Personal Pronouns, Pretty Please!

'He' and 'she' just don't cut it for some of us, but fortunately there are other options! Those of us living outside of the binary may choose pronouns you aren't used to using or haven't heard of before! So, cis friends, some requests:
Please don't complain about non-binary pronouns (or changes in binary pronouns). 
[image description: six nametags reading: Hello, Address
me as (blank) Please Use: They, Them, Theirs; He, Him,
His; (blank); She, Her, Hers; Ze, Hir, Hirs; Xe, Xem, Xyrs]
I think most trans people can acknowledge that changing pronouns can be challenging, and that it can take time to get used to using pronouns you haven't heard of before (like, maybe, ey/em/eir/eirs/eirself or xe/xir/xir/xirs/xirself). My personal pronouns are they/them/their/theirs/themself. Personally, I don't want to correct people all the time, so please just practice and hold yourself accountable. If you mess up, just briefly apologize and correct yourself. Please don't dwell on it. And seriously, don't complain about it! What does that do but make your trans friend feel guilty for asking to be acknowledged as who they are?! If you want to be an awesome ally and friend, one thing you can do is practice using the correct pronouns. As I told my friends, go ahead and talk about me! Lol. There are websites that can help you practice different pronouns, too, like the pronoun dressing room, which also has a pretty good sized list of personal pronoun options. (a note: if you are practicing with they/them pronouns on that website, click "plural." Even though it is singular, the common way to use it is as though it were plural, grammar-wise.)
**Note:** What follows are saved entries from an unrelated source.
Lemma pmf_support (T : finType) (q : T -> R) : is_pmf q -> exists t, 0 < q t.
Proof.
move=> [q0 q1]; have [t qt] : exists t, q t <> 0 by apply: rsum_neq0; lra.
by exists t; have := q0 t; lra.
Qed.

Lemma exp_le_quadratic x : Rabs x <= / 2 -> exp x <= 1 + x + 2 * (x * x).
Proof.
move=> hx; have [xl xr] : - / 2 <= x <= / 2 by split_Rabs; lra.
rewrite -[exp x]Rinv_inv -exp_Ropp.
apply: (Rle_trans _ (/ (1 - x))).
  by apply: Rinv_le_contravar; have := exp_ineq1_le (- x); lra.
apply: (Rmult_le_reg_r (1 - x)); first lra.
rewrite Rinv_l; [nra | lra].
Qed.

Lemma mgf_lt1 (T : finType) (q x : T -> R) :
  is_pmf q -> rsum (fun t => q t * x t) < 0 ->
  exists b, 0 < b /\ rsum (fun t => q t * exp (b * x t)) < 1.
Proof.
move=> [q0 q1] mean_neg; set L := rsum _ in mean_neg.
set K := 1 + rsum (fun t => Rabs (x t)).
have xK t : Rabs (x t) <= K.
  have := rsum_ge_term t (fun t => Rabs_pos (x t)); rewrite /K; lra.
have K1 : 1 <= K.
  have : 0 <= rsum (fun t => Rabs (x t)) by apply: rsum_ge0 => t; exact: Rabs_pos.
  rewrite /K; lra.
set b := Rmin (/ (2 * K)) (- L / (4 * (K * K))).
have KK : 0 < K * K by nra.
have b_pos : 0 < b.
  by apply: Rmin_glb_lt; [apply: Rinv_0_lt_compat | apply: Rdiv_lt_0_compat]; lra.
have bK : b * K <= / 2.
  have : b * K <= / (2 * K) * K by apply: Rmult_le_compat_r; [lra | exact: Rmin_l].
  by rewrite Rinv_mult Rmult_assoc Rinv_l; lra.
have bKK : b * (K * K) <= - L / 4.
  have : b * (K * K) <= - L / (4 * (K * K)) * (K * K).
    by apply: Rmult_le_compat_r; [lra | exact: Rmin_r].
  by rewrite /Rdiv Rinv_mult !Rmult_assoc Rinv_l; lra.
exists b; split => //.
have pointwise t :
    q t * exp (b * x t) <= q t + b * (q t * x t) + (2 * (b * b * (K * K))) * q t.
  have bx : Rabs (b * x t) <= / 2.
    rewrite Rabs_mult Rabs_right; last lra.
    by apply: Rle_trans bK; apply: Rmult_le_compat_l; [lra | exact: xK].
  have xx : x t * x t <= K * K.
    rewrite -[x t * x t]Rabs_right; last exact/Rle_ge/Rle_0_sqr.
    by rewrite Rabs_mult; apply: Rmult_le_compat; try exact: Rabs_pos; exact: xK.
  have sq : b * x t * (b * x t) <= b * b * (K * K).
    rewrite (_ : b * x t * (b * x t) = b * b * (x t * x t)); last ring.
    by apply: Rmult_le_compat_l; nra.
  have := Rmult_le_compat_l _ _ _ (q0 t) (Rle_trans _ _ _ (exp_le_quadratic bx)
    (Rplus_le_compat_l _ _ _ (Rmult_le_compat_l 2 _ _ ltac:(lra) sq))).
  lra.
have := rsum_le pointwise; rewrite !rsumD !rsum_mull q1 -/L; nra.
Qed.

Section SingleLetter.
Variables (W U V : finType).
Variables (PhiW : W -> R) (PhiUW : W -> U -> R) (PhiVWU : W -> U -> V -> R).
Hypothesis HW : is_pmf PhiW.
Hypothesis HUW : forall w, is_pmf (PhiUW w).
Hypothesis HVWU : forall w u, is_pmf (PhiVWU w u).

Local Notation joint := (joint PhiW PhiUW PhiVWU).
Local Notation PhiV := (PhiV PhiW PhiUW PhiVWU).
Local Notation Z := (Zrv PhiW PhiUW PhiVWU).

Lemma joint_ge0 w u v : 0 <= joint w u v.
Proof.
apply: Rmult_le_pos; first apply: Rmult_le_pos.
- exact: (proj1 HW).
- exact: (proj1 (HUW w)).
- exact: (proj1 (HVWU w u)).
Qed.

Lemma joint_le_PhiV w u v : joint w u v <= PhiV v.
Proof.
apply: (Rle_trans _ (rsum (fun u => joint w u v))).
  by apply: (rsum_ge_term (f := fun u => joint w u v)) => ?; exact: joint_ge0.
apply: (rsum_ge_term (f := fun w => rsum (fun u => joint w u v))) => ?.
by apply: rsum_ge0 => ?; exact: joint_ge0.
Qed.

Lemma PhiV_ge0 v : 0 <= PhiV v.
Proof. by apply: rsum_ge0 => w; apply: rsum_ge0 => u; exact: joint_ge0. Qed.

Lemma joint_mean_source (h : W -> R) :
  rsum (fun w => rsum (fun u => rsum (fun v => joint w u v * h w))) =
  rsum (fun w => PhiW w * h w).
Proof.
apply: rsum_ext => w.
rewrite (rsum_ext (g := fun u => (PhiW w * h w * PhiUW w u) * rsum (PhiVWU w u))); last first.
  by move=> u; rewrite -rsum_mull; apply: rsum_ext => v; rewrite /joint; ring.
rewrite (rsum_ext (g := fun u => (PhiW w * h w) * PhiUW w u)); last first.
  by move=> u; rewrite (proj2 (HVWU w u)); ring.
by rewrite rsum_mull (proj2 (HUW w)) Rmult_1_r.
Qed.
(* Let $\mu>0$, $\delta>0$, let $\gamma$ be a density matrix on $\mathbb{C}^\Lambda$ ($0\le\gamma\le1$) with density $\rho(x)=\gamma_{x,x}$, and let $\Omega=\{x\in\Lambda:\rho(x)<\delta\}$, $\Omega^c=\Lambda\setminus\Omega$. Then $$\mathrm{Tr}\{K_\mu\gamma\}\ \ge\ \mathrm{Tr}\{[P_\Omega^\perp K_\mu P_\Omega^\perp]_-\}-4d\,\delta^{1/2}\,|\partial\Omega|-\mu\sum_{x\in\Omega}\rho(x).$$
   Context: $\Lambda=\mathbb{Z}_L^d$ periodic lattice; $T_{x,y}=1$ if $|x-y|_1=1$, else $0$; $\Delta_{x,y}=T_{x,y}-2d\delta_{x,y}$; $K_\mu=-\Delta-\mu$; $[X]_-=\min\{X,0\}$ (so $\mathrm{Tr}[X]_-$ is the sum of negative eigenvalues). For $A\subseteq\Lambda$, $P_A$ is the orthogonal projection on $\mathbb{C}^\Lambda$ given by $(P_Af)(x)=f(x)$ for $x\in A$ and $0$ otherwise; $P_\Omega^\perp=1-P_\Omega=P_{\Omega^c}$. The boundary is $\partial\Omega=\{x\in\Omega:\mathrm{dist}_1(x,\Omega^c)=1\}$, where $\mathrm{dist}_1$ is the graph ($\ell^1$) distance on $\Lambda$; $|\partial\Omega|$ is its cardinality. *)

(* Complex scalars: an arbitrary numClosedFieldType C
   (e.g. the complex numbers). *)
From HB Require Import structures.
From mathcomp Require Import all_boot all_order all_algebra.
Local Open Scope sesquilinear_scope.
Set Implicit Arguments. Unset Strict Implicit. Unset Printing Implicit Defensive.
Import Order.TTheory GRing.Theory Num.Theory.
Local Open Scope ring_scope.

(* The periodic lattice Lambda = (Z_L)^d. *)
Definition lattice (d L : nat) : finType := {ffun 'I_d -> 'I_L}.

Definition cdist (L : nat) (a b : 'I_L) : nat :=
  let k := (if (a <= b)%N then (b - a) else (a - b))%N in minn k (L - k).

Definition dist1 (d L : nat) (x y : lattice d L) : nat :=
  (\sum_(i < d) cdist (x i) (y i))%N.

Section Ops.
Variables (C : numClosedFieldType) (d L : nat).
Local Notation Lam := (lattice d L).
Local Notation N := #|{: Lam}|.

Definition Tmx : 'M[C]_N :=
  \matrix_(i, j) (dist1 (enum_val i) (enum_val j) == 1%N)%:R.

Definition Lap : 'M[C]_N := Tmx - (2 * d)%:R%:M.

Definition Kmu (mu : C) : 'M[C]_N := - Lap - mu%:M.

Definition Pset (A : {set Lam}) : 'M[C]_N :=
  diag_mx (\row_i (enum_val i \in A)%:R).

Definition trneg (X : 'M[C]_N) : C :=
  \sum_i Num.min (spectral_diag X 0 i) 0.

Definition psd (A : 'M[C]_N) : Prop :=
  A \is hermsymmx /\ forall v : 'rV[C]_N, 0 <= (v *m A *m v ^t*) 0 0.

Definition density_matrix (g : 'M[C]_N) : Prop := psd g /\ psd (1%:M - g).

Definition dens (g : 'M[C]_N) (x : Lam) : C := g (enum_rank x) (enum_rank x).

Definition bdry (O : {set Lam}) : {set Lam} :=
  [set x in O | [exists y, (y \notin O) && (dist1 x y == 1%N)]].

End Ops.

From HB Require Import structures.
From mathcomp Require Import all_boot all_order all_algebra ring zify.
Local Open Scope sesquilinear_scope.
Import Order.TTheory GRing.Theory Num.Theory.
It should go without saying, but unfortunately this needs to be said, too:
Don't argue with someone about their pronouns. It's not up to you what pronouns people use. Using the correct pronouns is a matter of respect. Don't complain about grammar (seriously, 'singular they' has been used in language for a long time.... person 1: "My friend just got into a car accident!" person 2: "Oh no, are they okay?"). Don't tell someone their pronouns aren't real. We live in a society that has been oppressively shaped by patriarchy where only "he" and "she" are recognized as valid. Non-binary people deserve to exist and be acknowledged for who they are, and sometimes creating new pronouns or using less common pronouns is one way to do that. Just because someone's personal pronouns haven't made it into the dictionary yet, doesn't mean they aren't real! Saying so is just close-minded.
[image description: Text: Pronoun Dos and Don'ts: When someone asks you to use a different pronoun: DON'T: cartoon of a person saying, "What? 'Zie' isn't a real pronoun. Don't you have something more normal that you use? DON'T: Cartoon of a person saying "But it's not grammatically correct to use 'they' as a singular pronoun." WHY? You are not being asked to evaluate this person's gender identity or preferred terminology. (Also, I have not yet witnessed a verson of this conversation in which the person arguing is actually correct.)] from Robot Hugs. http://robothugscomic.tumblr.com/post/97107162945/new-comic-pronouns-right-super-weird-little

Non-binary trans people don't choose their pronouns to make life difficult for cis people. We choose our pronouns to feel validated as who we are. We choose different pronouns because "he" or "she" never felt right. If you have never had to think about your pronouns, if your pronouns are in the dictionary and used by society at large, that is a privilege that many non-binary folks don't have.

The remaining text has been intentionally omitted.